Squeeze and Excitation (SE) Block
SE is a building block for CNNs to improve the interdependencies between the channels by performing dynamic feature channel-wise recalibration, this means that instead of equally weighting all the channels, the network will dynamically assign high weight for the most important channels. The figure bellow shows the components of this block.
For a better understanding of this block, I highly suggest reading this article that explains it very well.
Coming back to our topic, EfficientNet applies the SE block along the way with the MBConv block which results in the following structure.
4. EfficientNet Performance
In order to evaluate the performance and the efficiency of EfficientNet, many benchmarks have been used. First, EfficientNet-B0 was scaled using different scaling methods.
The compound scaling method outperformed the other methods as shown in the figure. Then the EfficientNet family has been tested on ImageNet dataset and it outperformed state of the art models in terms of efficiency and accuracy.

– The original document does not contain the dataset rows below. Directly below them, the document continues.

(* The set $\mathcal{P}^{(+)}$ is path-connected.
   Context: Consider the continuous-time LTI system $\dot x = Ax + B_u u + B_d d$, $y = Cx + Dd$, with $x\in\mathbb{R}^n$, $u\in\mathbb{R}^m$, $d,y\in\mathbb{R}^p$ and real matrices of compatible dimensions. For $K\in\mathbb{R}^{m\times n}$ write $A_K = A-B_uK$. For a symmetric $P\in\mathbb{R}^{n\times n}$ let $$M_K(P)=\begin{bmatrix} A_K^\top P + PA_K & PB_d - C^\top\\ B_d^\top P - C & -D-D^\top\end{bmatrix}.$$ The condition $L_{\mathrm{s}}(D,K)$ (resp. $L_{\mathrm{ns}}(D,K)$) on $P$ means: if $D=0$, $A_K^\top P + PA_K\prec 0$ (resp. $\preceq 0$) and $B_d^\top P = C$; if $D\neq 0$, $M_K(P)\prec 0$ (resp. $\preceq 0$). The passivity region is $\mathcal{P}=\{K\in\mathbb{R}^{m\times n}:\exists P\succ 0 \text{ with } L_{\mathrm{ns}}(D,K)\}$ and the strict passivity region is $\mathcal{P}^+=\{K\in\mathbb{R}^{m\times n}:\exists P\succ 0\text{ with } L_{\mathrm{s}}(D,K)\}$. The notation $\mathcal{P}^{(+)}$ stands for either $\mathcal{P}$ or $\mathcal{P}^+$; the statement holds in both cases. (Standing assumption in the paper: $\mathcal{P}^{(+)}\neq\emptyset$.) *)

From HB Require Import structures.
From mathcomp Require Import all_boot all_order all_algebra.
From mathcomp Require Import all_classical all_reals all_analysis.
Set Implicit Arguments. Unset Strict Implicit. Unset Printing Implicit Defensive.
Import Order.TTheory GRing.Theory Num.Theory.
Local Open Scope ring_scope.
Local Open Scope classical_set_scope.

Definition qform (R : realType) (k : nat) (M : 'M[R]_k) (x : 'rV[R]_k) : R :=
  (x *m M *m x^T) 0 0.

Definition symmetric (R : realType) (k : nat) (M : 'M[R]_k) : Prop := M^T = M.
Definition posdef (R : realType) (k : nat) (M : 'M[R]_k) : Prop :=
  symmetric M /\ forall x : 'rV[R]_k, x != 0 -> 0 < qform M x.
Definition negdef (R : realType) (k : nat) (M : 'M[R]_k) : Prop :=
  symmetric M /\ forall x : 'rV[R]_k, x != 0 -> qform M x < 0.
Definition negsemidef (R : realType) (k : nat) (M : 'M[R]_k) : Prop :=
  symmetric M /\ forall x : 'rV[R]_k, qform M x <= 0.

Section System.
Variables (R : realType) (n m p : nat).
Variables (A : 'M[R]_n) (Bu : 'M[R]_(n, m)) (Bd : 'M[R]_(n, p))
          (C : 'M[R]_(p, n)) (D : 'M[R]_p).

Definition AK (K : 'M[R]_(m, n)) : 'M[R]_n := A - Bu *m K.

Definition MK (K : 'M[R]_(m, n)) (P : 'M[R]_n) : 'M[R]_(n + p) :=
  block_mx ((AK K)^T *m P + P *m AK K) (P *m Bd - C^T)
           (Bd^T *m P - C)             (- D - D^T).

(* L_s(D,K) (strict = true) and L_ns(D,K) (strict = false) on P *)
Definition Lcond (strict : bool) (K : 'M[R]_(m, n)) (P : 'M[R]_n) : Prop :=
  if D == 0 then
    (if strict then negdef ((AK K)^T *m P + P *m AK K)
     else negsemidef ((AK K)^T *m P + P *m AK K)) /\ Bd^T *m P = C
  else
    (if strict then negdef (MK K P) else negsemidef (MK K P)).

Definition passivity_region (strict : bool) : set 'M[R]_(m, n) :=
  [set K | exists P : 'M[R]_n, posdef P /\ Lcond strict K P].
End System.

Definition path_connected_set (R : realType) (T : topologicalType) (S : set T) : Prop :=
  forall x y, S x -> S y ->
    exists f : R -> T,
      {within `[0, 1]%classic, continuous f} /\ f 0 = x /\ f 1 = y /\
      (forall t : R, 0 <= t <= 1 -> S (f t)).

From Pilot Require Import Defs.
From HB Require Import structures.
From mathcomp Require Import all_boot all_order all_algebra.
From mathcomp Require Import all_classical all_reals all_analysis.
From mathcomp Require Import lra.
Import Order.TTheory GRing.Theory Num.Theory.
Local Open Scope ring_scope.
Local Open Scope classical_set_scope.
Set Implicit Arguments. Unset Strict Implicit.
Import numFieldNormedType.Exports.

(* The substitution Q = P^-1, Y = K P^-1 is the classical change
   of variables of LMI synthesis: conjugating the conditions by P (resp. by
   diag(P, I)) turns them into conditions that are jointly affine in (Q, Y),
   and definiteness is preserved under congruence.  The feasible pairs (Q, Y)
   therefore form a convex set, and the passivity region is its image under
   the continuous map (Q, Y) |-> Y Q^-1.  Two gains are joined by the image of
   the segment between corresponding feasible pairs. *)

Lemma convex_comb_lt0 (R : realDomainType) (a b u v : R) :
  0 <= a -> 0 <= b -> a + b = 1 -> u < 0 -> v < 0 -> a * u + b * v < 0.
Proof. by move=> a0 b0 ab u0 v0; case: (leP u v) => uv; nra. Qed.

Section Definiteness.
Variables (R : realType) (k : nat).
Implicit Types (M N X : 'M[R]_k) (x : 'rV[R]_k).

Lemma qform_congr X M x : qform (X^T *m M *m X) x = qform M (x *m X^T).
Proof. by rewrite /qform trmx_mul trmxK !mulmxA. Qed.

Lemma qformDZ (a b : R) M N x :
  qform (a *: M + b *: N) x = a * qform M x + b * qform N x.
Proof. by rewrite /qform mulmxDr mulmxDl -!scalemxAr -!scalemxAl !mxE. Qed.

Lemma symmetric_congr X M :
  Defs.symmetric M -> Defs.symmetric (X^T *m M *m X).
Proof. by rewrite /Defs.symmetric => sM; rewrite !trmx_mul trmxK sM mulmxA. Qed.

Lemma symmetricDZ (a b : R) M N :
  Defs.symmetric M -> Defs.symmetric N -> Defs.symmetric (a *: M + b *: N).
Proof.
by rewrite /Defs.symmetric => sM sN; rewrite linearD /= !linearZ /= sM sN.
Qed.

Lemma congr_invmxK X M : X \in unitmx ->
  (invmx X)^T *m (X^T *m M *m X) *m invmx X = M.
Proof.
move=> uX; rewrite trmx_inv !mulmxA mulVmx ?unitmx_tr // mul1mx.
by rewrite -mulmxA mulmxV // mulmx1.
Qed.

Lemma mulmx_tr_neq0 X x : X \in unitmx -> x != 0 -> x *m X^T != 0.
Proof.
move=> uX; apply: contraNneq => xX0.
have uXt : X^T \in unitmx by rewrite unitmx_tr.
by rewrite -(mulmxK uXt x) xX0 mul0mx.
Qed.

Lemma negsemidef_congr X M : negsemidef M -> negsemidef (X^T *m M *m X).
Proof.
by case=> sM M_le0; split=> [|x]; [exact: symmetric_congr | rewrite qform_congr].
Qed.

Lemma negdef_congr X M : X \in unitmx -> negdef M -> negdef (X^T *m M *m X).
Proof.
move=> uX [sM M_lt0]; split=> [|x x0]; first exact: symmetric_congr.
by rewrite qform_congr; apply/M_lt0/mulmx_tr_neq0.
Qed.

Lemma negsemidef_congrE X M : X \in unitmx ->
  negsemidef (X^T *m M *m X) <-> negsemidef M.
Proof.
move=> uX; split; last exact: negsemidef_congr.
by move=> /(negsemidef_congr (invmx X)); rewrite congr_invmxK.
Qed.

Lemma negdef_congrE X M : X \in unitmx ->
  negdef (X^T *m M *m X) <-> negdef M.
Proof.
move=> uX; split; last exact: negdef_congr.
have uXV : invmx X \in unitmx by rewrite unitmx_inv.
by move=> /(negdef_congr uXV); rewrite congr_invmxK.
Qed.

Lemma posdef_unitmx M : posdef M -> M \in unitmx.
Proof.
case=> _ M_gt0; rewrite unitmxE unitfE; apply/negP => /det0P [v v0 vM].
by have := M_gt0 v v0; rewrite /qform vM mul0mx mxE ltxx.
Qed.

Lemma posdef_invmx M : posdef M -> posdef (invmx M).
Proof.
move=> pM; have uM := posdef_unitmx pM; case: pM => sM M_gt0.
have sMV : Defs.symmetric (invmx M) by rewrite /Defs.symmetric trmx_inv sM.
split=> // x x0.
have -> : invmx M = (invmx M)^T *m M *m invmx M by rewrite sMV mulVmx // mul1mx.
rewrite qform_congr; apply/M_gt0/mulmx_tr_neq0 => //.
by rewrite unitmx_inv.
Qed.

Lemma negsemidef_conic (a b : R) M N : 0 <= a -> 0 <= b ->
  negsemidef M -> negsemidef N -> negsemidef (a *: M + b *: N).
Proof.
move=> a0 b0 [sM M_le0] [sN N_le0]; split=> [|x]; first exact: symmetricDZ.
by rewrite qformDZ; have := M_le0 x; have := N_le0 x; nra.
Qed.

Lemma negdef_convex (a b : R) M N : 0 <= a -> 0 <= b -> a + b = 1 ->
  negdef M -> negdef N -> negdef (a *: M + b *: N).
Proof.
move=> a0 b0 ab [sM M_lt0] [sN N_lt0]; split=> [|x x0]; first exact: symmetricDZ.
by rewrite qformDZ convex_comb_lt0 ?M_lt0 ?N_lt0.
Qed.

Lemma posdef_convex (a b : R) M N : 0 <= a -> 0 <= b -> a + b = 1 ->
  posdef M -> posdef N -> posdef (a *: M + b *: N).
Proof.
move=> a0 b0 ab [sM M_gt0] [sN N_gt0]; split=> [|x x0]; first exact: symmetricDZ.
rewrite qformDZ -oppr_lt0 opprD -!mulrN.
by rewrite convex_comb_lt0 ?oppr_lt0 ?M_gt0 ?N_gt0.
Qed.
End Definiteness.

Definition negdef_if (R : realType) (k : nat) (strict : bool) (M : 'M[R]_k) :=
  if strict then negdef M else negsemidef M.

Lemma negdef_if_congrE (R : realType) (k : nat) strict (X M : 'M[R]_k) :
  X \in unitmx -> negdef_if strict (X^T *m M *m X) <-> negdef_if strict M.
Proof. by case: strict => uX; [exact: negdef_congrE | exact: negsemidef_congrE]. Qed.

Lemma negdef_if_convex (R : realType) (k : nat) strict (a b : R)
    (M N : 'M[R]_k) :
  0 <= a -> 0 <= b -> a + b = 1 ->
  negdef_if strict M -> negdef_if strict N -> negdef_if strict (a *: M + b *: N).
Proof. by case: strict => a0 b0 ab; [exact: negdef_convex | exact: negsemidef_conic]. Qed.

Lemma convex_combBr (R : ringType) (V : lmodType R) (a b : R) (u x y : V) :
  a + b = 1 -> a *: (u - x) + b *: (u - y) = u - (a *: x + b *: y).
Proof. by move=> ab; rewrite !scalerBr addrACA -scalerDl ab scale1r opprD. Qed.

Section DualCoordinates.
Variables (R : realType) (n m p : nat).
Variables (A : 'M[R]_n) (Bu : 'M[R]_(n, m)) (Bd : 'M[R]_(n, p))
          (C : 'M[R]_(p, n)) (D : 'M[R]_p).
Implicit Types (P Q : 'M[R]_n) (K Y : 'M[R]_(m, n)).

Definition dual_lyap Q Y : 'M[R]_n :=
  A *m Q + Q *m A^T - (Bu *m Y + (Bu *m Y)^T).

Definition dual_block Q Y : 'M[R]_(n + p) :=
  block_mx (dual_lyap Q Y) (Bd - Q *m C^T) (Bd^T - C *m Q) (- D - D^T).

Definition Ldual (strict : bool) Q Y : Prop :=
  if D == 0 then negdef_if strict (dual_lyap Q Y) /\ C *m Q = Bd^T
  else negdef_if strict (dual_block Q Y).

Lemma dual_lyap_mulmx Q K : Q^T = Q ->
  dual_lyap Q (K *m Q) = AK A Bu K *m Q + Q *m (AK A Bu K)^T.
Proof.
move=> sQ; rewrite /dual_lyap /AK linearB /= !trmx_mul sQ.
by rewrite mulmxBl mulmxBr !mulmxA opprD addrACA.
Qed.

Lemma lyap_congr P K : P^T = P -> P \in unitmx ->
  (AK A Bu K)^T *m P + P *m AK A Bu K =
  P^T *m dual_lyap (invmx P) (K *m invmx P) *m P.
Proof.
move=> sP uP; rewrite dual_lyap_mulmx ?trmx_inv ?sP //.
rewrite mulmxDr mulmxDl -!mulmxA mulVmx // mulmx1 !mulmxA mulmxV // mul1mx.
by rewrite addrC.
Qed.

Lemma MK_congr P K : P^T = P -> P \in unitmx ->
  MK A Bu Bd C D K P =
  (block_mx P 0 0 1%:M)^T *m dual_block (invmx P) (K *m invmx P)
    *m block_mx P 0 0 1%:M.
Proof.
move=> sP uP; rewrite /MK /dual_block tr_block_mx !trmx0 trmx1 sP !mulmx_block.
rewrite !(mul0mx, mulmx0, addr0, add0r, mul1mx, mulmx1) lyap_congr // sP.
congr block_mx; first by rewrite mulmxBr mulmxA mulmxV // mul1mx.
by rewrite mulmxBl -mulmxA mulVmx // mulmx1.
Qed.

Lemma Lcond_dualE strict P K : posdef P ->
  Lcond A Bu Bd C D strict K P <-> Ldual strict (invmx P) (K *m invmx P).
Proof.
move=> pP; have uP := posdef_unitmx pP; have [sP _] := pP.
rewrite /Lcond /Ldual; case: eqP => _; last first.
  have uPI : block_mx P 0 0 (1%:M : 'M[R]_p) \in unitmx.
    by rewrite unitmxE det_ublock det1 mulr1 -unitmxE.
  by rewrite MK_congr // -(negdef_if_congrE strict _ uPI).
rewrite lyap_congr // -/(negdef_if _ _) negdef_if_congrE //.
by split=> -[L E]; split=> //; rewrite -E ?mulmxK ?mulmxKV.
Qed.

Lemma dual_lyapD Q0 Q1 Y0 Y1 :
  dual_lyap (Q0 + Q1) (Y0 + Y1) = dual_lyap Q0 Y0 + dual_lyap Q1 Y1.
Proof.
rewrite /dual_lyap mulmxDr mulmxDl mulmxDr [(_ + _)^T]linearD /=.
by rewrite (addrACA (A *m Q0)) (addrACA (Bu *m Y0)) opprD; apply: addrACA.
Qed.

Lemma dual_lyapZ a Q Y : dual_lyap (a *: Q) (a *: Y) = a *: dual_lyap Q Y.
Proof.
rewrite /dual_lyap -!scalemxAr -scalemxAl linearZ /=.
by rewrite -!scalerDr -scalerN -scalerDr.
Qed.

Finally, to further test the method's performance, the authors also performed benchmarks on transfer learning datasets, and the results also showed that EfficientNet transfer well.

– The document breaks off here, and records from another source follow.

(* Let $\mathfrak{P}_1=(\rho^{(1)}_{t_0},\mathcal{E}^{(1)}_{t_1\leftarrow t_0},\dots,\mathcal{E}^{(1)}_{t_n\leftarrow t_{n-1}})$ and $\mathfrak{P}_2=(\rho^{(2)}_{t_0},\mathcal{E}^{(2)}_{t_1\leftarrow t_0},\dots,\mathcal{E}^{(2)}_{t_n\leftarrow t_{n-1}})$ be multi-time quantum processes, with measurements $\{\Pi^{(1),t_k}_{b}\}$ and $\{\Pi^{(2),t_k}_{c}\}$ respectively, and let $\mathfrak{P}_1\otimes\mathfrak{P}_2$ be the process with initial state $\rho^{(1)}_{t_0}\otimes\rho^{(2)}_{t_0}$, channels $\mathcal{E}^{(1)}_{t_j\leftarrow t_{j-1}}\otimes\mathcal{E}^{(2)}_{t_j\leftarrow t_{j-1}}$, and product measurements $\{\Pi^{(1),t_k}_{b}\otimes\Pi^{(2),t_k}_{c}\}_{b,c}$. Then $$\mathcal{N}\big(\overrightarrow{Q}_{\rm KD}(\mathfrak{P}_1\otimes\mathfrak{P}_2)\big)=\mathcal{N}\big(\overrightarrow{Q}_{\rm KD}(\mathfrak{P}_1)\big)\mathcal{N}\big(\overrightarrow{Q}_{\rm KD}(\mathfrak{P}_2)\big)+\mathcal{N}\big(\overrightarrow{Q}_{\rm KD}(\mathfrak{P}_1)\big)+\mathcal{N}\big(\overrightarrow{Q}_{\rm KD}(\mathfrak{P}_2)\big),$$ and, with $\mathcal{N}'[Q]=\log\sum|Q|$, $$\mathcal{N}'\big(\overrightarrow{Q}_{\rm KD}(\mathfrak{P}_1\otimes\mathfrak{P}_2)\big)=\mathcal{N}'\big(\overrightarrow{Q}_{\rm KD}(\mathfrak{P}_1)\big)+\mathcal{N}'\big(\overrightarrow{Q}_{\rm KD}(\mathfrak{P}_2)\big).$$ The same holds for the left and doubled temporal KD distributions.
   Context: A multi-time quantum process $(\rho_{t_0},\mathcal{E}_{t_1\leftarrow t_0},\dots,\mathcal{E}_{t_n\leftarrow t_{n-1}})$ consists of a density operator and CPTP maps on finite-dimensional spaces, extended linearly to all operators; complete families of orthogonal projectors are fixed at each time. $\overrightarrow{Q}_{\rm KD}(b_n,\dots,b_0)=\operatorname{Tr}[\mathcal{E}_{t_n\leftarrow t_{n-1}}(\cdots\mathcal{E}_{t_1\leftarrow t_0}(\rho_{t_0}\Pi^{t_0}_{b_0})\Pi^{t_1}_{b_1}\cdots)\Pi^{t_n}_{b_n}]$; $\overleftarrow{Q}_{\rm KD}(a_n,\dots,a_0)=\operatorname{Tr}[\Pi^{t_n}_{a_n}\mathcal{E}_{t_n\leftarrow t_{n-1}}(\cdots\Pi^{t_1}_{a_1}\mathcal{E}_{t_1\leftarrow t_0}(\Pi^{t_0}_{a_0}\rho_{t_0})\cdots)]$; $\overleftrightarrow{Q}_{\rm KD}(a;b)=\operatorname{Tr}[\Pi^{t_n}_{a_n}\mathcal{E}_{t_n\leftarrow t_{n-1}}(\cdots\Pi^{t_1}_{a_1}\mathcal{E}_{t_1\leftarrow t_0}(\Pi^{t_0}_{a_0}\rho_{t_0}\Pi^{t_0}_{b_0})\Pi^{t_1}_{b_1}\cdots)\Pi^{t_n}_{b_n}]$. For any such distribution $Q$, $\mathcal{N}[Q]=\sum_{\text{all outcomes}}|Q|-1$. *)

From HB Require Import structures.
From mathcomp Require Import all_boot all_order all_algebra.
From mathcomp Require Import reals exp.
From mathcomp.real_closed Require Import complex mxtens.

Set Implicit Arguments.
Unset Strict Implicit.
Unset Printing Implicit Defensive.

Import Order.TTheory GRing.Theory Num.Theory.
Local Open Scope ring_scope.

Section QProc.
Variable R : realType.
Local Notation C := R[i].

Definition adjmx {m n} (A : 'M[C]_(m, n)) : 'M[C]_(n, m) := (map_mx conjc A)^T.

Definition psd {d} (A : 'M[C]_d) : Prop :=
  forall v : 'cV[C]_d, 0 <= (adjmx v *m A *m v) 0 0.

Definition density {d} (rho : 'M[C]_d) : Prop := psd rho /\ \tr rho = 1.

(* tensor product of two maps on operators, defined on the matrix-unit basis
   and extended linearly *)
Definition map_tens {a1 b1 a2 b2}
  (f : 'M[C]_a1 -> 'M[C]_b1) (g : 'M[C]_a2 -> 'M[C]_b2)
  (X : 'M[C]_(a1 * a2)) : 'M[C]_(b1 * b2) :=
  \sum_(i < a1) \sum_(j < a1) \sum_(k < a2) \sum_(l < a2)
     X (mxtens_index (i, k)) (mxtens_index (j, l)) *:
       tensmx (f (delta_mx i j)) (g (delta_mx k l)).

Definition is_linear_map {a b} (f : 'M[C]_a -> 'M[C]_b) : Prop :=
  forall (c : C) (X Y : 'M[C]_a), f (c *: X + Y) = c *: f X + f Y.

Definition completely_positive {a b} (f : 'M[C]_a -> 'M[C]_b) : Prop :=
  forall (m : nat) (X : 'M[C]_(m * a)),
    psd X -> psd (map_tens (@id 'M[C]_m) f X).

Definition trace_preserving {a b} (f : 'M[C]_a -> 'M[C]_b) : Prop :=
  forall X : 'M[C]_a, \tr (f X) = \tr X.

Definition CPTP {a b} (f : 'M[C]_a -> 'M[C]_b) : Prop :=
  [/\ is_linear_map f, completely_positive f & trace_preserving f].

Definition proj_family {d} {O : finType} (P : O -> 'M[C]_d) : Prop :=
  [/\ forall b, adjmx (P b) = P b,
      forall b b', P b *m P b' = if b == b' then P b else 0
    & \sum_(b : O) P b = 1%:M].

(* A multi-time process with n steps t_0 < ... < t_n: Hilbert space dimension
   dim k and outcome set Out k at time t_k, initial state rho, channels
   chan k : t_k -> t_{k+1} (k < n), and projectors proj k at time t_k (k <= n). *)
Record process (n : nat) := Process {
  dim : nat -> nat;
  Out : nat -> finType;
  rho : 'M[C]_(dim 0);
  chan : forall k, 'M[C]_(dim k) -> 'M[C]_(dim k.+1);
  proj : forall k, Out k -> 'M[C]_(dim k)
}.
Arguments dim {n} p k.
Arguments Out {n} p k.
Arguments rho {n} p.
Arguments chan {n} p k _.
Arguments proj {n} p k _.

Definition is_process n (P : process n) : Prop :=
  [/\ density (rho P),
      forall k, (k < n)%N -> CPTP (chan P k)
    & forall k, (k <= n)%N -> proj_family (proj P k)].

(* outcome sequences (b_0, ..., b_k), as nested pairs *)
Fixpoint outs (O : nat -> finType) (k : nat) : finType :=
  match k with
  | 0 => O 0
  | k'.+1 => (outs O k' * O k'.+1)%type
  end.

Unset Implicit Arguments.
Section KD.
Variables (n : nat) (P : process n).
Local Notation d := (dim P).
Local Notation E := (chan P).
Local Notation Pi := (proj P).

Fixpoint fwd_op (k : nat) : outs (Out P) k -> 'M[C]_(d k) :=
  match k return outs (Out P) k -> 'M[C]_(d k) with
  | 0 => fun b => rho P *m Pi 0%N b
  | k'.+1 => fun bb => E k' (fwd_op k' bb.1) *m Pi k'.+1 bb.2
  end.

As a wrap up, EfficientNet is a CNN that uses a scaling method called compound scaling that aims to improve the efficiency of an existing ConvNet based on the available resources (memory and FLOPS). The resulted networks proved to be both more efficient and more performant than many state of the art networks. Finally, the authors believe that the model can serve as new foundation for new computer vision models which is why they open sourced the TPU training code that can be found here.

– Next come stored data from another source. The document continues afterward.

(* [(2s + t + 3/2 - (n + 1))^2 - D = 2(2s - n)(t - n) - (n^2 + n + 2s)], so [n + 1 <= peak]
   is the condition under which [fss_succ_ge] applies. *)
Lemma peak_rising n : (0 < s)%N -> n.+1%:R <= peak ->
  (n < 2 * s)%N /\ (n ^ 2 + n + 2 * s <= 2 * (2 * s - n) * (t - n))%N.
Proof.
move=> s_gt0; rewrite /peak -natr1 => le_n1_peak.
have [s_ge0 t_ge0] : (0 : R) <= s%:R /\ (0 : R) <= t%:R by [].
have n_ge0 : (0 : R) <= n%:R by [].
have s_ge1 : (1 : R) <= s%:R by rewrite ler1n.
have sqrtD_gt_t : t%:R + 1 / 2 < Num.sqrt D by apply: lt_sqr => //; rewrite sqrtD_sq /D; nra.
have sqrtD_gt_s : 2 * s%:R + 1 / 2 < Num.sqrt D by apply: lt_sqr => //; rewrite sqrtD_sq /D; nra.
have le_D : D <= (2 * s%:R + t%:R + 3 / 2 - (n%:R + 1)) ^+ 2 by rewrite -sqrtD_sq; nra.
have lt_nt : (n < t)%N by rewrite -(ltr_nat R); lra.
have lt_n2s : (n < 2 * s)%N by rewrite -(ltr_nat R) natrM; lra.
split => //; rewrite -(ler_nat R) !natrD !natrM !natrB ?(ltnW lt_nt) ?(ltnW lt_n2s) //.
by rewrite ?natrX ?natrM; move: le_D; rewrite /D; nra.
Qed.

Lemma peak_falling n : peak < n%:R -> (2 * (2 * s - n) * (t - n) <= n.+1 ^ 2)%N.
Proof.
rewrite /peak => lt_peak_n.
have [s_ge0 t_ge0] : (0 : R) <= s%:R /\ (0 : R) <= t%:R by [].
have n_ge0 : (0 : R) <= n%:R by [].
have [le_tn | lt_nt] := leqP t n; first by rewrite (eqP le_tn) muln0.
have [le_2sn | lt_n2s] := leqP (2 * s) n; first by rewrite (eqP le_2sn) muln0 mul0n.
have n1_le_t : n%:R + 1 <= t%:R :> R by rewrite natr1 ler_nat.
have n1_le_2s : n%:R + 1 <= 2 * s%:R :> R by rewrite natr1 -natrM ler_nat.
have lt_D : (2 * s%:R + t%:R + 3 / 2 - n%:R) ^+ 2 < D by rewrite -sqrtD_sq; nra.
rewrite -(ler_nat R) !natrM !natrB ?(ltnW lt_nt) ?(ltnW lt_n2s) // ?natrX ?natrM.
by move: lt_D; rewrite /D; nra.
Qed.

End Peak.

Section IntegerUnimodality.
Variable F : int -> nat.

Lemma homo_int_le_upto (g : int) : (forall N, N < g -> (F N <= F (N + 1))%N) ->
  forall a b, a <= b -> b <= g -> (F a <= F b)%N.
Proof.
move=> up a b le_ab; have [k ->] : exists k : nat, b = a + k%:Z.
  by exists `|b - a|%N; rewrite gez0_abs ?subr_ge0 //; ring.
elim: k => [|k IH] le_bg; first by rewrite addr0.
rewrite -addn1 PoszD addrA in le_bg *.
apply: leq_trans (IH _) (up _ _); lia.
Qed.

Lemma homo_int_ge_from (g : int) : (forall N, g <= N -> (F (N + 1) <= F N)%N) ->
  forall a b, g <= a -> a <= b -> (F b <= F a)%N.
Proof.
move=> down a b le_ga le_ab; have [k ->] : exists k : nat, b = a + k%:Z.
  by exists `|b - a|%N; rewrite gez0_abs ?subr_ge0 //; ring.
elim: k => [|k IH]; first by rewrite addr0.
rewrite -addn1 PoszD addrA.
apply: leq_trans (down _ _) IH; lia.
Qed.

Lemma unimodal_floor (R : archiFieldType) (x : R) :
  (forall N : int, (N + 1)%:~R <= x -> (F N <= F (N + 1))%N) ->
  (forall N : int, x < N%:~R -> (F (N + 1) <= F N)%N) ->
  exists g : int,
    (forall a b, a <= b -> b <= g -> (F a <= F b)%N) /\
    (forall a b, g <= a -> a <= b -> (F b <= F a)%N) /\
    exists delta : int, (delta = 0 \/ delta = 1) /\ g = Num.floor x + delta.
Proof.
move=> rising falling; set fl := Num.floor x.
have rising_fl N : N < fl -> (F N <= F (N + 1))%N.
  by move=> lt_Nfl; apply: rising (le_trans _ (floor_le x)); rewrite ler_int -/fl; lia.
have falling_fl N : fl + 1 <= N -> (F (N + 1) <= F N)%N.
  by move=> le_flN; apply: falling (lt_le_trans (floorD1_gt x) _); rewrite ler_int.
have [le_fl | lt_fl] := leqP (F fl) (F (fl + 1)).
- exists (fl + 1); split; [|split; last by exists 1; split; [right|]].
    apply: homo_int_le_upto => N lt_Nfl1; have [/rising_fl // | le_flN] := ltP N fl.
    by have -> : N = fl by lia.
  by apply: homo_int_ge_from.
- exists fl; have {}lt_fl := ltnW lt_fl; split; [|split; last by exists 0; split; [left|rewrite addr0]].
    by apply: homo_int_le_upto.
  apply: homo_int_ge_from => N le_flN; have [lt_flN | le_Nfl] := ltP fl N.
    by apply: falling_fl; lia.
  by have -> : N = fl by lia.
Qed.

End IntegerUnimodality.

Theorem theorem1p1 (R : realType) (s1 s2 : nat) :
  (1 <= s1)%N ->
  exists g : int,
    (forall a b : int, (a <= b)%R -> (b <= g)%R -> (fss s1 s2 a <= fss s1 s2 b)%N) /\
    (forall a b : int, (g <= a)%R -> (a <= b)%R -> (fss s1 s2 b <= fss s1 s2 a)%N) /\
    exists delta : int, (delta = 0 \/ delta = 1) /\
      g = (Num.floor ((2 * s1%:R + s2%:R + 3 / 2
             - Num.sqrt (4 * s1%:R ^+ 2 + 4 * s1%:R + (s2%:R + 1 / 2) ^+ 2)) : R)
           + delta)%R.
Proof.
move=> s1_gt0; apply: (@unimodal_floor _ R (peak R s1 s2)).
- case=> [n | //]; rewrite addrC -intS.
  by case/(peak_rising s1_gt0) => lt_n2s1 rising; rewrite fss_succ_ge.
- case=> [n lt_peak_n | k lt_peak_k]; first by rewrite addrC -intS fss_succ_le ?(peak_falling lt_peak_n).
  by have := lt_trans (@peak_gt0 R s1 s2) lt_peak_k; rewrite ltr0z.
Qed.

 TAN, Mingxing et LE, Quoc. Efficientnet: Rethinking model scaling for convolutional neural networks. In : International conference on machine learning. PMLR, 2019. p. 6105-6114.
 Classification and understanding of cloud structures via satellite images with EfficientUNet - Scientific Figure on ResearchGate. Available from: https://www.researchgate.net/figure/Architecture-of-EfficientNet-B0-with-MBConv-as-Basic-building-blocks_fig4_344410350
 SANDLER, Mark, HOWARD, Andrew, ZHU, Menglong, et al. Mobilenetv2: Inverted residuals and linear bottlenecks. In : Proceedings of the IEEE conference on computer vision and pattern recognition. 2018. p. 4510-4520.
 CHOLLET, François. Xception: Deep learning with depthwise separable convolutions. In : Proceedings of the IEEE conference on computer vision and pattern recognition. 2017. p. 1251-1258.